Bickerton, a mio modo di vedere, rappresenta quella volontà filosofica a spingersi oltre i propri limiti; questo perché il motivo dominante delle sue ricerche nasce dall’esigenza di rispondere ad un quesito che sembra trascendere gli elementi empirici che sono a sua disposizione. La domanda che guida Bickerton durante tutto il suo percorso è, infatti, quella che cerca di capire quale possa essere la lingua originaria dell’umanità. Domandarselo non è meno arduo che cercare di capire come sia nato l’universo. Oggi “la babele delle lingue” è ai suoi massimi storici. I linguisti hanno individuato circa 6700 lingue sparse in varie parti del mondo, capire quale sia quella originaria, sembrerebbe impossibile.
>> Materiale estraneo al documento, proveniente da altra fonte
Lemma br0l x : br 0 x = 0.
Proof. by apply: (addrI (br 0 x)); rewrite addr0 -brDl addr0. Qed.

Lemma br0r x : br x 0 = 0.
Proof. by apply: (addrI (br x 0)); rewrite addr0 -brDr addr0. Qed.

Lemma brNl x y : br (- x) y = - br x y.
Proof. by apply/eqP; rewrite -addr_eq0 addrC -brDl addrN br0l. Qed.

Lemma brNr x y : br x (- y) = - br x y.
Proof. by apply/eqP; rewrite -addr_eq0 addrC -brDr addrN br0r. Qed.

Lemma brC x y : br y x = - br x y.
Proof.
apply/eqP; rewrite -addr_eq0; have := brxx (x + y).
by rewrite !brDl !brDr !brxx add0r addr0 addrC => ->.
Qed.

Lemma br_leibniz x y z : br x (br y z) = br (br x y) z - br (br x z) y.
Proof.
have := br_jacobi x y z.
rewrite (brC x z) brNr (brC (br x z) y) opprK (brC (br x y) z) => /eqP.
by rewrite -addrA addr_eq0 => /eqP ->; rewrite opprD opprK addrC.
Qed.

Lemma foldl_brD x y l : foldl br (x + y) l = foldl br x l + foldl br y l.
Proof. by elim: l x y => //= z l IHl x y; rewrite brDl IHl. Qed.

Lemma foldl_br0 l : foldl br 0 l = 0.
Proof. by elim: l => //= z l IHl; rewrite br0l. Qed.

Lemma foldl_brN x l : foldl br (- x) l = - foldl br x l.
Proof. by elim: l x => //= z l IHl x; rewrite brNl IHl. Qed.

Lemma foldl_br_sum (I : Type) (r : seq I) (F : I -> L) l :
  foldl br (\sum_(i <- r) F i) l = \sum_(i <- r) foldl br (F i) l.
Proof.
elim: r => [|i r IHr]; first by rewrite !big_nil foldl_br0.
by rewrite !big_cons foldl_brD IHr.
Qed.

Lemma br_suml (I : Type) (r : seq I) (F : I -> L) y :
  br (\sum_(i <- r) F i) y = \sum_(i <- r) br (F i) y.
Proof. exact: (foldl_br_sum r F [:: y]). Qed.

Definition sgn (b : bool) (x : L) := if b then - x else x.

Lemma sgnN b x : sgn (~~ b) x = - sgn b x.
Proof. by case: b; rewrite /= ?opprK. Qed.

Lemma foldl_br_sgn b x l : foldl br (sgn b x) l = sgn b (foldl br x l).
Proof. by case: b; rewrite /= ?foldl_brN. Qed.

Lemma br_sgnl b x y : br (sgn b x) y = sgn b (br x y).
Proof. exact: (foldl_br_sgn b x [:: y]). Qed.

Lemma sum_sgn (I : Type) (r : seq (bool * I)) (F : I -> L) :
  \sum_(p <- r) sgn p.1 (F p.2) =
  \sum_(p <- r | ~~ p.1) F p.2 - \sum_(p <- r | p.1) F p.2.
Proof.
elim: r => [|[[] i] r IHr]; first by rewrite !big_nil subr0.
  by rewrite !big_cons /= IHr opprD addrCA.
by rewrite !big_cons /= IHr addrA.
Qed.

Variables (T : eqType) (a : T -> L).

Lemma br_lnbr_expansion u x : u != [::] ->
  br x (lnbr br (map a u)) =
  \sum_(p <- expansion (rev u)) sgn p.1 (foldl br x (map a p.2)).
Proof.
elim/last_ind: u x => [//|u y IHu] x _.
case: u IHu => [_ | z u IHu]; first by rewrite /= big_cons big_nil addr0.
rewrite rev_rcons expansion_cons ?size_rev // big_cat !big_map /=.
rewrite map_rcons foldl_rcons br_leibniz -/(lnbr br (map a (z :: u))).
rewrite (IHu x) // (IHu (br x (a y))) // br_suml -sumrN.
congr (_ + _); apply: eq_bigr => p _; last by rewrite sgnN.
by rewrite map_rcons foldl_rcons br_sgnl.
Qed.

Lemma lnbr_cat_expansion u v z : u != [::] ->
  lnbr br (map a (u ++ z :: v)) +
  \sum_(p <- expansion (rev u)) sgn p.1 (lnbr br (map a (z :: p.2 ++ v))) = 0.
Proof.
case: u => [//|x u] _.
rewrite /= map_cat foldl_cat /= brC -[foldl br (a x) _]/(lnbr br (map a (x :: u))).
rewrite br_lnbr_expansion // foldl_brN foldl_br_sum addrC; apply/eqP.
by rewrite subr_eq0; apply/eqP/eq_bigr => p _; rewrite foldl_br_sgn map_cat foldl_cat.
Qed.

End LieRing.

Lemma in_symdiff (T : finType) (A B : {set T}) x :
  (x \in symdiff A B) = (x \in A) (+) (x \in B).
Proof. by rewrite !inE; case: (x \in A); case: (x \in B). Qed.

Lemma symdiffxx (T : finType) (A : {set T}) : symdiff A A = set0.
Proof. by apply/setP => x; rewrite in_symdiff addbb inE. Qed.

Lemma symdiffs0 (T : finType) (A : {set T}) : symdiff A set0 = A.
Proof. by apply/setP => x; rewrite in_symdiff inE addbF. Qed.

Lemma symdiffKl (T : finType) (A B : {set T}) : symdiff A (symdiff A B) = B.
Proof. by apply/setP => x; rewrite !in_symdiff addKb. Qed.

Lemma symdiff_seq_cat (T : finType) (s1 s2 : seq {set T}) :
  symdiff_seq (s1 ++ s2) = symdiff (symdiff_seq s1) (symdiff_seq s2).
Proof.
apply/setP => x; elim: s1 => [|A s1 IHs1] /=; first by rewrite in_symdiff inE.
by rewrite !in_symdiff IHs1 in_symdiff addbA.
Qed.

Definition jacobi_span n (T : {set {perm 'I_n}}) : Prop :=
  exists2 Ts : seq {set {perm 'I_n}},
    (forall U, U \in Ts -> jacobi_set U) & T = symdiff_seq Ts.

Section JacobiSpan.
Variable n : nat.
Implicit Types T U : {set {perm 'I_n}}.

Lemma jacobi_span0 : jacobi_span (set0 : {set {perm 'I_n}}).
Proof. by exists [::]. Qed.

Lemma jacobi_span_set T : jacobi_set T -> jacobi_span T.
Proof.
move=> jacT; exists [:: T]; last by rewrite /= symdiffs0.
by move=> U; rewrite inE => /eqP ->.
Qed.

Lemma jacobi_span_symdiff T U :
  jacobi_span T -> jacobi_span U -> jacobi_span (symdiff T U).
Proof.
move=> [Ts jacTs ->] [Us jacUs ->]; exists (Ts ++ Us); last by rewrite symdiff_seq_cat.
by move=> V; rewrite mem_cat => /orP[/jacTs|/jacUs].
Qed.

Lemma jacobi_sumU (L : zmodType) (br : L -> L -> L) T U (a : 'I_n -> L) :
  [disjoint T & U] -> jacobi_sum br (T :|: U) a = jacobi_sum br T a + jacobi_sum br U a.
Proof.
move=> disTU; rewrite /jacobi_sum -bigU //; apply: eq_bigl => s.
by rewrite !inE.
Qed.

End JacobiSpan.

Section Words.
Variable n : nat.
Implicit Types (s t : {perm 'I_n}) (w : seq 'I_n) (P : seq (seq 'I_n)).

Definition perm_word s : seq 'I_n := [seq s i | i <- enum 'I_n].

Definition perms_of P : {set {perm 'I_n}} := [set s | perm_word s \in P].

Lemma perm_word_inj : injective perm_word.
Proof. by move=> s t /eq_in_map eq_st; apply/permP => i; apply: eq_st; rewrite mem_enum. Qed.

Lemma perm_word_enum s : perm_eq (perm_word s) (enum 'I_n).
Proof.
apply: uniq_perm; first by rewrite map_inj_uniq ?enum_uniq //; exact: perm_inj.
  exact: enum_uniq.
by move=> i; rewrite mem_enum -[i](permKV s) map_f ?mem_enum.
Qed.

Lemma perm_word_uniq s : uniq (perm_word s).
Proof. by rewrite (perm_uniq (perm_word_enum s)) enum_uniq. Qed.

Lemma perm_wordP w : perm_eq w (enum 'I_n) -> {s | perm_word s = w}.
Proof.
case: w => [|x0 w'] w_enum.
  by exists 1%g; apply: size0nil; rewrite size_map -(perm_size w_enum).
set w := x0 :: w' in w_enum *.
have w_uniq : uniq w by rewrite (perm_uniq w_enum) enum_uniq.
have size_w : size w = n by rewrite (perm_size w_enum) size_enum_ord.
have nth_inj : injective (fun i : 'I_n => nth x0 w i).
  by move=> i j /eqP; rewrite nth_uniq ?size_w // => /eqP /val_inj.
exists (perm nth_inj); rewrite /perm_word (eq_map (permE nth_inj)).
by rewrite -[RHS](mkseq_nth x0 w) size_w /mkseq -val_enum_ord -map_comp.
Qed.

Lemma jacobi_sumE (L : zmodType) (br : L -> L -> L) T (a : 'I_n -> L) :
  jacobi_sum br T a = \sum_(s in T) lnbr br (map a (perm_word s)).
Proof. by rewrite /jacobi_sum; apply: eq_bigr => s _; rewrite /perm_word -(map_comp a s). Qed.

Lemma jacobi_sum_perms_of (L : zmodType) (br : L -> L -> L) P (a : 'I_n -> L) :
  uniq P -> {in P, forall w, perm_eq w (enum 'I_n)} ->
  jacobi_sum br (perms_of P) a = \sum_(w <- P) lnbr br (map a w).
Proof.
move=> P_uniq P_enum; rewrite jacobi_sumE.
rewrite -(big_image _ _ perm_word _ (fun w => lnbr br (map a w))); apply: perm_big.
apply: uniq_perm => //; first by rewrite map_inj_uniq ?enum_uniq //; exact: perm_word_inj.
move=> w; apply/imageP/idP => [[s] | w_P]; first by rewrite inE => ? ->.
by have [s s_w] := perm_wordP (P_enum w w_P); exists s; rewrite // inE s_w.
Qed.

End Words.

Lemma perm_word_cons n (s : {perm 'I_n.+1}) :
  perm_word s = s ord0 :: [seq s (lift ord0 i) | i <- enum 'I_n].
Proof. by rewrite /perm_word enum_ordSl /= -map_comp. Qed.

Section FirstTransposition.
Variable m : nat.
Implicit Types (s t : {perm 'I_m.+2}) (P N : {set {perm 'I_m.+2}}).

Local Notation ord1 := (lift ord0 ord0 : 'I_m.+2).
Local Notation tau := (tperm ord0 ord1).

Lemma perm_wordE s :
  perm_word s = s ord0 :: s ord1 :: [seq s (lift ord0 (lift ord0 i)) | i <- enum 'I_m].
Proof. by rewrite perm_word_cons enum_ordSl /= -map_comp. Qed.

Lemma lnbr_tperm01 (L : zmodType) (br : L -> L -> L) (a : 'I_m.+2 -> L) s :
  is_lie_ring br ->
  lnbr br (map a (perm_word (tau * s)%g)) = - lnbr br (map a (perm_word s)).
Proof.
move=> lieL; rewrite !perm_wordE !permM tpermL tpermR /= (brC lieL) (foldl_brN lieL).
congr (- foldl _ _ (map a _)); apply/eq_map => i.
by rewrite permM tpermD // -val_eqE /= /bump.
Qed.

Lemma jacobi_sum_tperm01 (L : zmodType) (br : L -> L -> L) (a : 'I_m.+2 -> L) N :
  is_lie_ring br -> jacobi_sum br [set tau * s | s in N]%g a = - jacobi_sum br N a.
Proof.
move=> lieL; rewrite !jacobi_sumE big_imset /=; last by move=> s t _ _; apply: mulgI.
by rewrite -sumrN; apply: eq_bigr => s _; rewrite lnbr_tperm01.
Qed.

Lemma tperm01_stab0 t : t ord0 = ord0 -> (tau * t)%g ord0 != ord0.
Proof. by move=> t0; rewrite permM tpermL -{2}t0 (inj_eq perm_inj). Qed.

(* Since [a_(tau s)] = - [a_s], both P :|: tau N and N :|: tau N are Jacobi sets,
   and their symmetric difference is P :|: N. *)
Lemma jacobi_span_relation P N :
  let tauN := [set tau * s | s in N]%g in
  [disjoint P & N] -> [disjoint tauN & P] -> [disjoint tauN & N] ->
  (forall (L : zmodType) (br : L -> L -> L), is_lie_ring br ->
     forall a, jacobi_sum br P a = jacobi_sum br N a) ->
  jacobi_span (P :|: N).
Proof.
move=> tauN disPN disP disN sumPN.
have -> : P :|: N = symdiff (P :|: tauN) (N :|: tauN).
  apply/setP => s; rewrite in_symdiff !inE.
  have [s_tauN | s_tauN] := boolP (s \in tauN).
    by rewrite (disjointFr disP s_tauN) (disjointFr disN s_tauN).
  rewrite !orbF; case s_P: (s \in P) => //=.
  by rewrite (disjointFr disPN s_P).
apply: jacobi_span_symdiff; apply: jacobi_span_set => L br lieL a;
  by rewrite jacobi_sumU ?jacobi_sum_tperm01 ?sumPN ?subrr // disjoint_sym.
Qed.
Le circostanze storiche riguardanti pidgin e creoli hanno però reso più semplice questo compito e Bickerton sembra essersi avvicinato alla soluzione. I dati raccolti dal linguista durante i suoi anni di ricerca sembrano essere compatibili con l’idea che la lingua originaria dell’uomo sia il “creolo astratto”. Se Chomsky ha veramente ragione la facoltà del linguaggio è una dote innata, dunque, perché non potrebbe esserlo anche una lingua “astratta”?